What is the number of lines in the data that include the string "exists"? Give it by itself.

Saved entries:

=-=-=-=-=

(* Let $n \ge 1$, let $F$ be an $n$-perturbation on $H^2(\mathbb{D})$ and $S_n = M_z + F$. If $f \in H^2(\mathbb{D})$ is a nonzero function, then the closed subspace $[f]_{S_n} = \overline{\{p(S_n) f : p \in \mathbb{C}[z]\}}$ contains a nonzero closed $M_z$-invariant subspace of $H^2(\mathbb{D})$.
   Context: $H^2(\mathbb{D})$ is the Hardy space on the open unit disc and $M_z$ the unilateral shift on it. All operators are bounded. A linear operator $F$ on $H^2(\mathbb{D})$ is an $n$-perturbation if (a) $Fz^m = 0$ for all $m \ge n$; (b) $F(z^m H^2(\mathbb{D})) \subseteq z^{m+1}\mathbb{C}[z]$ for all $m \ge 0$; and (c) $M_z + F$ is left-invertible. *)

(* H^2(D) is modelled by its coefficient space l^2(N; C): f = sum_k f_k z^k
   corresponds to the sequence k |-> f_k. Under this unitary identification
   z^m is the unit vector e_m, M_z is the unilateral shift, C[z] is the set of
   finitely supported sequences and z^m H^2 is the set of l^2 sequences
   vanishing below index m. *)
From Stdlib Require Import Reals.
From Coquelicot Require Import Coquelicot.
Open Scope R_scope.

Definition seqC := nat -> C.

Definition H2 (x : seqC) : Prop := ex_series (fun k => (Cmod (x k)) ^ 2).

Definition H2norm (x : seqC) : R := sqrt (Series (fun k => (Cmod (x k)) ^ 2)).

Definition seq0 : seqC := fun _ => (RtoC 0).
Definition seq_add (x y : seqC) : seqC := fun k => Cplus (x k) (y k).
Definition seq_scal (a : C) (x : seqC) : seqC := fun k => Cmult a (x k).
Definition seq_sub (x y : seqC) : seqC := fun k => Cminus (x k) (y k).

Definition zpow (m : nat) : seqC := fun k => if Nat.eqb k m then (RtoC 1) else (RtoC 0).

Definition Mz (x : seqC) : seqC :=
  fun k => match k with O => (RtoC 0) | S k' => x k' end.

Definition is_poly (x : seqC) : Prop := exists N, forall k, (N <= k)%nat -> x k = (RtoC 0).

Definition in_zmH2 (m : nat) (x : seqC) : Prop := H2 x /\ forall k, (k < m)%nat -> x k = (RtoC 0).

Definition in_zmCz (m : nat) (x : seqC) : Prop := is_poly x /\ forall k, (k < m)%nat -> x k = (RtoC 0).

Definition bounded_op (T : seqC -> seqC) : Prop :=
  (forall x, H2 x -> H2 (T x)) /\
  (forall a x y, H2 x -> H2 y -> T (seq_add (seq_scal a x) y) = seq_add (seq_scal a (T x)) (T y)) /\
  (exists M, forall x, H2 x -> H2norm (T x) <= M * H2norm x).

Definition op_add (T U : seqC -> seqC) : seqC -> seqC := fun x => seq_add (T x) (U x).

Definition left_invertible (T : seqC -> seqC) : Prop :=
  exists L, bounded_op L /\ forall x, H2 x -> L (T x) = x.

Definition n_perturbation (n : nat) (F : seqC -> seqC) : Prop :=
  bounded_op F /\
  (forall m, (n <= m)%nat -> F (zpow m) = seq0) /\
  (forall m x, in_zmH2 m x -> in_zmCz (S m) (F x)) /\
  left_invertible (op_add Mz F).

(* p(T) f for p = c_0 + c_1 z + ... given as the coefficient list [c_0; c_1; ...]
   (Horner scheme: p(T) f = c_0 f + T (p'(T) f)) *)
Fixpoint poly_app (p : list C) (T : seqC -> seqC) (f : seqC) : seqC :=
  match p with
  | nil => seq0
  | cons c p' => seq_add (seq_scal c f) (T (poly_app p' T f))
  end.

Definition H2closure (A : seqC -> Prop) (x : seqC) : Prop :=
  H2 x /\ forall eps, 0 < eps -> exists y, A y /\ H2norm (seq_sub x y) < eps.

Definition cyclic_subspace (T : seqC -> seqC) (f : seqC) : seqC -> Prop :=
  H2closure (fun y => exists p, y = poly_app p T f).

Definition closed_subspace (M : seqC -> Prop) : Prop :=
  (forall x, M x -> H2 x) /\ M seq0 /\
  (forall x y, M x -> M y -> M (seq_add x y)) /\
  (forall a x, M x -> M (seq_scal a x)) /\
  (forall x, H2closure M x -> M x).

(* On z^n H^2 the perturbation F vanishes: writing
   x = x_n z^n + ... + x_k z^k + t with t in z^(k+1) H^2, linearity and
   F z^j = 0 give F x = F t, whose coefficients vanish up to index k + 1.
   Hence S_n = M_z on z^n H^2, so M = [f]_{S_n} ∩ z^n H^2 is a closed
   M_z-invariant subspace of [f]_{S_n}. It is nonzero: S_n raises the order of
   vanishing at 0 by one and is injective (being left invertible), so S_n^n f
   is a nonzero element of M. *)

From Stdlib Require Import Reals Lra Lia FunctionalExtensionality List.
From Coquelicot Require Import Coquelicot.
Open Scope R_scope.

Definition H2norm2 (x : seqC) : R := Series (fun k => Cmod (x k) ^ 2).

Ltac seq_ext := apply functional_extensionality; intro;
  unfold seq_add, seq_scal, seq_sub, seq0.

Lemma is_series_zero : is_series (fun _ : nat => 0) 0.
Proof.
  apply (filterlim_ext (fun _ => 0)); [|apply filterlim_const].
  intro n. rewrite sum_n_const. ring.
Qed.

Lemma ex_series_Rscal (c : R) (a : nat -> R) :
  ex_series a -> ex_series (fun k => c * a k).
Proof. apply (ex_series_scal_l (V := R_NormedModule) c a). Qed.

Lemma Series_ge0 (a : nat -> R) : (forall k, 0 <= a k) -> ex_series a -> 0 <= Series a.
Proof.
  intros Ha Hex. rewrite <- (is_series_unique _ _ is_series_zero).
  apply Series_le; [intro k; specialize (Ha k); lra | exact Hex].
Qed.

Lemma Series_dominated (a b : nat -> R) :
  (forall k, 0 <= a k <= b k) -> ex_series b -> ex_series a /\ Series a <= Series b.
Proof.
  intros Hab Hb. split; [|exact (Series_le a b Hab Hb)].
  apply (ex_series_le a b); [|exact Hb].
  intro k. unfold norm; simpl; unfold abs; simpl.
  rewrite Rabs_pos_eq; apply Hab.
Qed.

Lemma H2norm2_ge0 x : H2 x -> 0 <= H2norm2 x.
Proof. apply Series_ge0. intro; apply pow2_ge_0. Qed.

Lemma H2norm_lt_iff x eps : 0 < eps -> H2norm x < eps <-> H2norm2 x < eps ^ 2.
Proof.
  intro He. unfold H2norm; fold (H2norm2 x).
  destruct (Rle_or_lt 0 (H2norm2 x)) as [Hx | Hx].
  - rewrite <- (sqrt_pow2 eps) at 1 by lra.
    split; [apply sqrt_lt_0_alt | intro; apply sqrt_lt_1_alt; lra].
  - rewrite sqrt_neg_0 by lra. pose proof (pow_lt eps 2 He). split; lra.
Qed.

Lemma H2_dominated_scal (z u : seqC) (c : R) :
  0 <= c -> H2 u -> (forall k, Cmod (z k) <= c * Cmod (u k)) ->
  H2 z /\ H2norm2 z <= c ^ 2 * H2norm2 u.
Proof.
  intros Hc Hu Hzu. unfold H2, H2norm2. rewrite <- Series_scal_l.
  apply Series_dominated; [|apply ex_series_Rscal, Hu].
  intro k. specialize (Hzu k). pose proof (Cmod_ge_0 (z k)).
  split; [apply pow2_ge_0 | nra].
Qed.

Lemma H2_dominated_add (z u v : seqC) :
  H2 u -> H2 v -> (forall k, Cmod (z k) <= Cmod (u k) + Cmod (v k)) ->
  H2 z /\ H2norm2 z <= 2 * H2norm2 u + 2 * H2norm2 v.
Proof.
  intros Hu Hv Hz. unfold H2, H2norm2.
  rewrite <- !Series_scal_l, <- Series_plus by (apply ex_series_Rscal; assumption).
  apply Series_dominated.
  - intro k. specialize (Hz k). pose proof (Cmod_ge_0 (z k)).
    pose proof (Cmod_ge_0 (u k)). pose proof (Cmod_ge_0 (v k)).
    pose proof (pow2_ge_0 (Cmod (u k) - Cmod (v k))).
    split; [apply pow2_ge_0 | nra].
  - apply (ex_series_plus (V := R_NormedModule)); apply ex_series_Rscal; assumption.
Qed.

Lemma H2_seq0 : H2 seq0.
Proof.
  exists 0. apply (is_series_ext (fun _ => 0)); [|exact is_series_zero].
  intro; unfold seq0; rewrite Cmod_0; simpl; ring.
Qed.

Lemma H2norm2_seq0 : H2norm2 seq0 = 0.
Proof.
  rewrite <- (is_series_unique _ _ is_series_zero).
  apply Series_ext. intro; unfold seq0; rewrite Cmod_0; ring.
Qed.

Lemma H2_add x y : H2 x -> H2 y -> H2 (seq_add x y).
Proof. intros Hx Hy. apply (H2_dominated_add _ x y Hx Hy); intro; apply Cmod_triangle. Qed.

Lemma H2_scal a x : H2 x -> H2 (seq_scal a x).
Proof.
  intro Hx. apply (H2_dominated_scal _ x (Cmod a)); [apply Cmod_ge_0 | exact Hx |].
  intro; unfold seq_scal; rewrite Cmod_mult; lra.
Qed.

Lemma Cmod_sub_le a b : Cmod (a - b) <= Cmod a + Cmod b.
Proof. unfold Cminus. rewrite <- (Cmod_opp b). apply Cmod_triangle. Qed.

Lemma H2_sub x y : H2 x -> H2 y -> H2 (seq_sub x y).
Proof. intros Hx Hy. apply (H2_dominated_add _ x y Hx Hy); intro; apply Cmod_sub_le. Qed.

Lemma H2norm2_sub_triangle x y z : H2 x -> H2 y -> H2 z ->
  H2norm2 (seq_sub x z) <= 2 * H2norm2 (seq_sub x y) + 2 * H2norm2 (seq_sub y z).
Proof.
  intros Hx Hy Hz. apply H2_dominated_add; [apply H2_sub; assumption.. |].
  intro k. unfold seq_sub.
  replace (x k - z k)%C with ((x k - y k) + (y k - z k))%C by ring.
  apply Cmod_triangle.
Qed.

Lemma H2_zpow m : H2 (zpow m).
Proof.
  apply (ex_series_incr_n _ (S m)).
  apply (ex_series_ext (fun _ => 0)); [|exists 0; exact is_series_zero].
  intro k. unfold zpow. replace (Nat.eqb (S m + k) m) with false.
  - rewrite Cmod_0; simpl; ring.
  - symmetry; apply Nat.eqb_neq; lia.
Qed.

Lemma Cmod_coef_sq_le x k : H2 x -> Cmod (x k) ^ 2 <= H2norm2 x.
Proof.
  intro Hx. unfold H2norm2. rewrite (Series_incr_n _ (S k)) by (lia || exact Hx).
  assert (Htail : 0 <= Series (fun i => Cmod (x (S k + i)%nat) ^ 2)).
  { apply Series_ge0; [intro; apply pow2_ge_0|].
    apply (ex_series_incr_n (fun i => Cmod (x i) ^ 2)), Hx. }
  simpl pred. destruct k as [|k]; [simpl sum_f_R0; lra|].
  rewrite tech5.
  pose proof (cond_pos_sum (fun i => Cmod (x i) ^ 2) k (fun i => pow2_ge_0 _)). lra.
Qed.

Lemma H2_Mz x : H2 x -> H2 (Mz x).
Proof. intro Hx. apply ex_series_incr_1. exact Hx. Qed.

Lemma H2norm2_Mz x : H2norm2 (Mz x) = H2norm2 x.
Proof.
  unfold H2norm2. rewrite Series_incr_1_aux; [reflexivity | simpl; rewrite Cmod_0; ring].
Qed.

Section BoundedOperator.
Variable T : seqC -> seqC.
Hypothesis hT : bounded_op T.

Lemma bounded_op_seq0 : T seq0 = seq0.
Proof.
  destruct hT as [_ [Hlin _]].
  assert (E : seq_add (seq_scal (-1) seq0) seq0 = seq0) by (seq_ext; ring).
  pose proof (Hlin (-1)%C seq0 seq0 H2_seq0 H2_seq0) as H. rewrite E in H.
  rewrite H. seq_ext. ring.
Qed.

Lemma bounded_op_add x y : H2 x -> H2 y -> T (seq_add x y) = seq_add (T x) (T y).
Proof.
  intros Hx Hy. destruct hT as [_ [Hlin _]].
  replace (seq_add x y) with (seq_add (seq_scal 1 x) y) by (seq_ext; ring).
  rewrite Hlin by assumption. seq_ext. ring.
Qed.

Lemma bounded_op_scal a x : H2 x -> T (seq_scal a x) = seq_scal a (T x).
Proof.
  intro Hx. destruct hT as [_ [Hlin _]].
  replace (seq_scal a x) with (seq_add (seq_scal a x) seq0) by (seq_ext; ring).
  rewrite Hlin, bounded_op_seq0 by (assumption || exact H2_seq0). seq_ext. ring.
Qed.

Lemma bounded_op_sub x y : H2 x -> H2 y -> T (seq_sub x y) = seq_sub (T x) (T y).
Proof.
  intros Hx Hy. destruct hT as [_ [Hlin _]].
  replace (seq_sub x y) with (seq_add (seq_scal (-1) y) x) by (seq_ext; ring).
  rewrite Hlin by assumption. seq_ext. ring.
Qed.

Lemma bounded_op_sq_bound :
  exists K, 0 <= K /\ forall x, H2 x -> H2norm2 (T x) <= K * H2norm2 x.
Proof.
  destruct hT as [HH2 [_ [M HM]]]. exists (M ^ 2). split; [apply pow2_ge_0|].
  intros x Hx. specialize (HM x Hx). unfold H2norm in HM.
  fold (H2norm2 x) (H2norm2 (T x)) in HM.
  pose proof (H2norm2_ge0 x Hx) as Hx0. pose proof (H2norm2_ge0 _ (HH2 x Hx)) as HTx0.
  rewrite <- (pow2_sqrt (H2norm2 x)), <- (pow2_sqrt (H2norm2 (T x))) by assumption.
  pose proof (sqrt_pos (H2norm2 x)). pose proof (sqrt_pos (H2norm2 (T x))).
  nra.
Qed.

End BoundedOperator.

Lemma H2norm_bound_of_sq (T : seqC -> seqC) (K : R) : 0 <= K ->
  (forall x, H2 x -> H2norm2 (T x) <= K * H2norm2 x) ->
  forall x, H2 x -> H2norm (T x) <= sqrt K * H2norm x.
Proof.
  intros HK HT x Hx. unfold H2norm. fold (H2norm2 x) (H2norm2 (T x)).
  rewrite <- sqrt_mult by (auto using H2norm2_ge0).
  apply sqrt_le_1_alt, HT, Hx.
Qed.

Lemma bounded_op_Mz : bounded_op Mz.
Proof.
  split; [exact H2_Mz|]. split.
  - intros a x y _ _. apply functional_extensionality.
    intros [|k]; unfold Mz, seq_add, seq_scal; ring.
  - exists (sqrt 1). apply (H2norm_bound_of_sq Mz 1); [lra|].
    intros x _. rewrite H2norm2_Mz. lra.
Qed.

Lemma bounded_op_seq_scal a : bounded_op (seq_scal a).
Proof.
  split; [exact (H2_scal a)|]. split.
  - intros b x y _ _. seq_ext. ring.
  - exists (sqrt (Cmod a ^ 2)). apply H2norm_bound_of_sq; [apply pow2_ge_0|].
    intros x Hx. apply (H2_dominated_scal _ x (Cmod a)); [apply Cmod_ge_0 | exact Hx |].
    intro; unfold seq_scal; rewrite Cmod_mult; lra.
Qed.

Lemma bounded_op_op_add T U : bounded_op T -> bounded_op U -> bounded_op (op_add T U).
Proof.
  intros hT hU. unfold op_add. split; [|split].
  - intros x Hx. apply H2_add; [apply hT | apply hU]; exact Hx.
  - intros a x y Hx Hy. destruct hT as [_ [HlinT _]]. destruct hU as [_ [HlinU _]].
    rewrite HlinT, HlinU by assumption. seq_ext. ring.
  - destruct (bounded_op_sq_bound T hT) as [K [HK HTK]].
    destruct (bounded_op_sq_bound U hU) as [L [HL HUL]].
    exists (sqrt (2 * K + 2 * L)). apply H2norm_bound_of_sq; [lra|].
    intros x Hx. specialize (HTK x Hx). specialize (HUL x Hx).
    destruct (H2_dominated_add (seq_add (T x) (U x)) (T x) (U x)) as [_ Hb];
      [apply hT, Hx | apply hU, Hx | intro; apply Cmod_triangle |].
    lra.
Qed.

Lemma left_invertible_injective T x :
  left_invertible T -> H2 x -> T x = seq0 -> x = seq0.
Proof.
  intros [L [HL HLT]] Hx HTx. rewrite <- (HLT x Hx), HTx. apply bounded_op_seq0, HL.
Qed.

=-=-=-=-=

## OUTPUT FOR THIS EXERCISE
12